Valeriana wallichii root extract improves sleep quality and modulates brain monoamine level in rats.
Keywords: Valeriana wallichii Telemetric EEG Delta activity Monoamine Sleep-wake profile Hesperidin
The present study was performed to investigate the effects of Valeriana wallichi (VW) aqueous root extract on sleep-wake profile and level of brain monoamines on Sprague-Dawley rats. Electrodes and transmitters were implanted to record EEG and EMG in freely moving condition and the changes were recorded telemetrically after oral administration of VW in the doses of 100, 200 and 300 mg/kg body weight. Sleep latency was decreased and duration of non-rapid eye movement (NREM) sleep was increased in a dose dependent manner. A significant decrease of sleep latency and duration of wakefulness were observed with VW at doses of 200 and 300 mg/kg. Duration of NREM sleep as well as duration of total sleep was increased significantly after treatment with VW at the doses of 200 and 300 mg/kg. VW also increased EEG slow wave activity during NREM sleep at the doses of 200 and 300 mg/kg. Level of norepinephrine (NE). dopamine (DA), dihydroxyphenylacetic acid (DOPAC), serotonin (5-HT) and hydroxy indole acetic acid (HIM) were measured in frontal cortex and brain stem after VW treatment at the dose of 200 mg/kg. NE and 5HT level were decreased significantly in both frontal cortex and brain stem. DA and HIM level significantly decreased only in cortex. DOPAC level was not changed in any brain region studied.
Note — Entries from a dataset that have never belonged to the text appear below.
End tnorm2_bounds.

Section fubini_tonelli_sections.
Local Open Scope ereal_scope.

Lemma integral_if_cst d (T : measurableType d) (R : realType)
    (nu : {measure set T -> \bar R}) (P : pred T) (c : R) :
  measurable [set x | P x] -> \int[nu]_x (if P x then c%:E else 0) = c%:E * nu [set x | P x].
Proof.
move=> mP; rewrite -integral_cst// [RHS]integral_mkcond.
by apply: eq_integral => x _; rewrite patchE mem_setE.
Qed.

Lemma measurable_section_pred {d1 d2} {T1 : measurableType d1} {T2 : measurableType d2}
    {P : T1 -> T2 -> bool} {u : T2} :
  measurable_fun setT (fun z : T1 * T2 => P z.1 z.2) -> measurable [set x | P x u].
Proof.
by move=> mP; have := measurable_fun_pair1 u mP measurableT (Y := [set true]) I; rewrite setTI.
Qed.

Context {R : realType} (mu : {finite_measure set R -> \bar R}).

Lemma fubini_tonelli_section_le (P : R -> R -> bool) (k b : R -> R) (D : set R) :
  measurable D -> measurable_fun setT (fun z : R * R => P z.1 z.2) ->
  measurable_fun setT k -> (forall u, 0 <= k u)%R -> measurable_fun D b ->
  (forall x u, P x u -> D u) ->
  (forall u, D u -> (k u)%:E * mu [set x | P x u] <= (b u)%:E) ->
  \int[mu]_x \int[lebesgue_measure]_u (if P x u then (k u)%:E else 0)
    <= \int[lebesgue_measure]_(u in D) (b u)%:E.
Proof.
move=> mD mP mk k0 mb PD kb.
pose f (z : R * R) := if P z.1 z.2 then (k z.2)%:E else 0.
have mf : measurable_fun setT f.
  apply: measurable_fun_ifT => //; apply/measurable_EFinP.
  exact: measurableT_comp mk measurable_snd.
have f0 z : 0 <= f z by rewrite /f; case: ifP; rewrite ?lee_fin.
rewrite (fubini_tonelli (m1 := mu) (m2 := lebesgue_measure) f mf f0).
have -> : \int[lebesgue_measure]_u \int[mu]_x f (x, u) =
          \int[lebesgue_measure]_(u in D) \int[mu]_x f (x, u).
  rewrite [RHS]integral_mkcond; apply: eq_integral => u _; rewrite patchE.
  case: ifPn => // /negP; rewrite inE => Du.
  by apply: integral0_eq => x _; rewrite /f/=; case: ifP => // /PD.
apply: ge0_le_integral => //.
- by move=> u _; exact: integral_ge0.
- exact: measurable_funTS (measurable_fun_fubini_tonelli_G _ mf f0).
- exact/measurable_EFinP.
- move=> u Du; rewrite /f/= integral_if_cst; first exact: kb.
  exact: measurable_section_pred mP.
Qed.

End fubini_tonelli_sections.

Section tail_estimate.
Context {R : realType}.
Local Open Scope ereal_scope.

Lemma integral_tail_kernel (L p x : R) : (0 < L)%R -> (0 < p)%R ->
  \int[lebesgue_measure]_s (if (0 <= x)%R && (L <= s)%R && (x < s)%R
     then (p * s `^ (- p - 1))%:E else 0)
  = if (0 <= x)%R then ((Num.max x L) `^ (- p))%:E else 0.
Proof.
move=> L0 p0; have [x0|x0] := leP 0%R x; last first.
  by rewrite integral0_eq// => s _; rewrite andFb.
rewrite -integral_itvcy_powR ?lt_max ?L0 ?orbT//.
have [Lx|xL] := leP L x.
  rewrite -integral_itv_obnd_cbnd; last first.
    apply/measurable_EFinP; apply: measurable_funM => //.
    exact: measurable_funTS (measurable_powR _).
  rewrite [RHS]integral_mkcond; apply: eq_integral => s _; rewrite patchE mem_setE in_itv/= andbT.
  by case: (ltP x s) => xs; rewrite ?andbT ?andbF// (le_trans Lx (ltW xs)).
rewrite [RHS]integral_mkcond; apply: eq_integral => s _.
rewrite patchE mem_setE in_itv/= andbT.
by case: (leP L s) => Ls; rewrite ?andbT ?andbF// (lt_le_trans xL Ls).
Qed.

Lemma integral_layer_tail (mu : {measure set R -> \bar R}) (L p : R) :
  (0 < L)%R -> (0 < p)%R ->
  \int[mu]_x \int[lebesgue_measure]_s (if (0 <= x)%R && (L <= s)%R && (x < s)%R
     then (p * s `^ (- p - 1))%:E else 0)
  = (L `^ (- p))%:E * mu [set` `[0%R, L[] + \int[mu]_(x in `[L, +oo[) (x `^ (- p))%:E.
Proof.
move=> L0 p0; under eq_integral do rewrite integral_tail_kernel//.
transitivity (\int[mu]_x ((L `^ (- p))%:E * (\1_(`[0%R, L[%classic) x)%:E +
    ((fun x => (x `^ (- p))%:E) \_ `[L, +oo[%classic) x)).
  apply: eq_integral => x _; rewrite indicE patchE !mem_setE !in_itv/= andbT.
  case: (leP 0%R x) => x0 /=; case: (ltP x L) => xL /=.
  - by rewrite mule1 adde0.
  - by rewrite mule0 add0e.
  - by rewrite mule0 adde0.
  - by have := lt_le_trans x0 (le_trans (ltW L0) xL); rewrite ltxx.
rewrite ge0_integralD//; last 4 first.
- by move=> x _; rewrite mule_ge0// lee_fin powR_ge0.
- apply: emeasurable_funM => //.
  by apply/measurable_EFinP; exact: measurable_indic.
- by move=> x _; rewrite patchE; case: ifP => // _; rewrite lee_fin powR_ge0.
- apply/(measurable_restrictT _ _).1 => //.
  by apply/measurable_EFinP; exact: measurable_funTS (measurable_powR _).
rewrite ge0_integralZl_EFin ?powR_ge0//; last first.
  by apply/measurable_EFinP; exact: measurable_indic.
by rewrite integral_indic// setIT [in RHS]integral_mkcond.
Qed.

Lemma layer_tail_le (mu : {finite_measure set R -> \bar R}) (a p L m : R) :
  (0 < L)%R -> (0 < p)%R -> (a < p)%R ->
  growth_bounded mu a m ->
  \int[mu]_x \int[lebesgue_measure]_s (if (0 <= x)%R && (L <= s)%R && (x < s)%R
     then (p * s `^ (- p - 1))%:E else 0)
  <= (m * p / (p - a) * L `^ (a - p))%:E.
Proof.
move=> L0 p0 ap growth; have q0 : (0 < p - a)%R by rewrite subr_gt0.
have m0 := growth_bounded_ge0 mu a m growth.
pose C := (m * p / (p - a))%R.
pose P x s := ((0 <= x) && (L <= s) && (x < s))%R.
have mP : measurable_fun setT (fun z : R * R => P z.1 z.2).
  apply: measurable_and; first apply: measurable_and.
  - exact: measurable_fun_ler measurable_fst.
  - exact: measurable_fun_ler measurable_snd.
  - exact: measurable_fun_ltr measurable_fst measurable_snd.
apply: le_trans (fubini_tonelli_section_le mu P (fun s => p * s `^ (- p - 1))%R
  (fun s => C * ((p - a) * s `^ (- (p - a) - 1)))%R `[L, +oo[%classic _ _ _ _ _ _ _) _.
- exact: measurable_itv.
- exact: mP.
- by apply: measurable_funM => //; exact: measurable_powR.
- by move=> s; rewrite mulr_ge0 ?powR_ge0// ltW.
- apply: measurable_funTS; apply: measurable_funM => //.
  by apply: measurable_funM => //; exact: measurable_powR.
- by move=> x s /andP[/andP[_ Ls] _]; rewrite /= in_itv/= Ls.
- move=> s; rewrite /= in_itv/= andbT => Ls; have s0 : (0 < s)%R := lt_le_trans L0 Ls.
  have ks0 : 0 <= (p * s `^ (- p - 1))%:E by rewrite lee_fin mulr_ge0 ?powR_ge0// ltW.
  apply: le_trans (lee_wpmul2l ks0 (le_trans _ (growth s s0))) _.
    apply: le_measure; rewrite ?inE//; first exact: (@measurable_section_pred _ _ _ _ P _ mP).
    by move=> x /andP[/andP[x0 _] xs]; rewrite /= in_itv/= x0.
  rewrite -EFinM lee_fin le_eqVlt; apply/orP; left; apply/eqP.
  have -> : (- (p - a) - 1 = (- p - 1) + a)%R by ring.
  rewrite [in RHS]powRD ?(gt_eqF s0) ?implybT//.
  by rewrite /C; field; rewrite gt_eqF.
under eq_integral do rewrite EFinM.
rewrite ge0_integralZl_EFin//.
- by rewrite integral_itvcy_powR// -EFinM opprB.
- by move=> x _; rewrite lee_fin mulr_ge0 ?powR_ge0// ltW.
- by apply/measurable_EFinP; apply: measurable_funTS; apply: measurable_funM.
- by rewrite /C mulr_ge0 ?invr_ge0 ?mulr_ge0// ltW.
Qed.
In conclusion it can be said that VW water extract has a sleep quality improving effect which may be dependent upon levels of monoamines in cortex and brainstem.
[c] 2012 Elsevier GmbH. All rights reserved.
Valeriana wallichii (VW) or Indian Valerian is one of the several valerian species indigenous to the temperate Himalayas found in greater parts of India (Nadkarni 2001). The plant is widely known for its use in anxiety, insomnia, epilepsy, and hysteria (Nadkarni 1976, 2001). It is considered useful as a potent tranquilizer (Nadkarni 1976), antispasmodic and hypotensive (Gilani et al. 2005). Antidepressant activity of VW extract was also reported recently (Subhan et al. 2010). Roots and rhizomes of VW contain a volatile oil (valerianic oil) containing valerenic acid, isovalerenic acid, and terpineol (Arora and Arora 1963; Nadkarni 1976). The volatile components of rhizomes of VW consist of sesquiterpenes (>89.3%), kanokonyl acetate (42.4%), gamma-curcumene (10.7%), arcurcumene (7.2%), (Z)-beta-farnesene (3.2%), xanthor-rhizol (4.1%), 7-epi-alpha-selinene (2.2%), valeranone (2.0%) and curcuphenol (1.4%) (Mathela et al. 2009). Other active constituents of VW are sesquiterpenoids (Ron et at. 2000), 6-methylapigenin (Wasowski et al. 2002) and hesperidin (Marder et at. 2003). Valerinic acid, isolated from VW decreases the breakdown of GABA in the brain (Houghton 1999) and acts as GABAA receptor substrate (Benke et at. 2009) resulting in its sedative and anxiolytic actions. Hesperidin and 6-methylapigenin isolated from VW acts as benzodiazepine binding site ligand and has sedative and sleep-enhancing properties (Wasowski et at. 2002; Marder et at. 2003). There are numerous reports on the effect of valerian extract on sleep in both animal and humans (Houghton 1999; Stevinson and Ernst 2000; Gyllenhaal et al. 2000; Morin et at. 2005; Bent et al. 2006; Tokunaga et at. 2007). However, there is no study reported in literature on the effect of VW on sleep pattern in a dose dependent manner.
Brain monoamines play a key role in sleep regulation (Shouse et al. 2000; Leu-Semenescu et al. 2010; Monti 2010). The earlier literature lacks any explanation on the neurochemical basis underlying the action of VW, except its effect on GABA receptor modulation as mentioned in the aforesaid paragraph. Our earlier studies on sleep disturbance in hypoxia have also shown alterations in regional brain monoamines (Ray et al. 2011). So, it was thought worthwhile to investigate this aspect in the present study, in relation to VW.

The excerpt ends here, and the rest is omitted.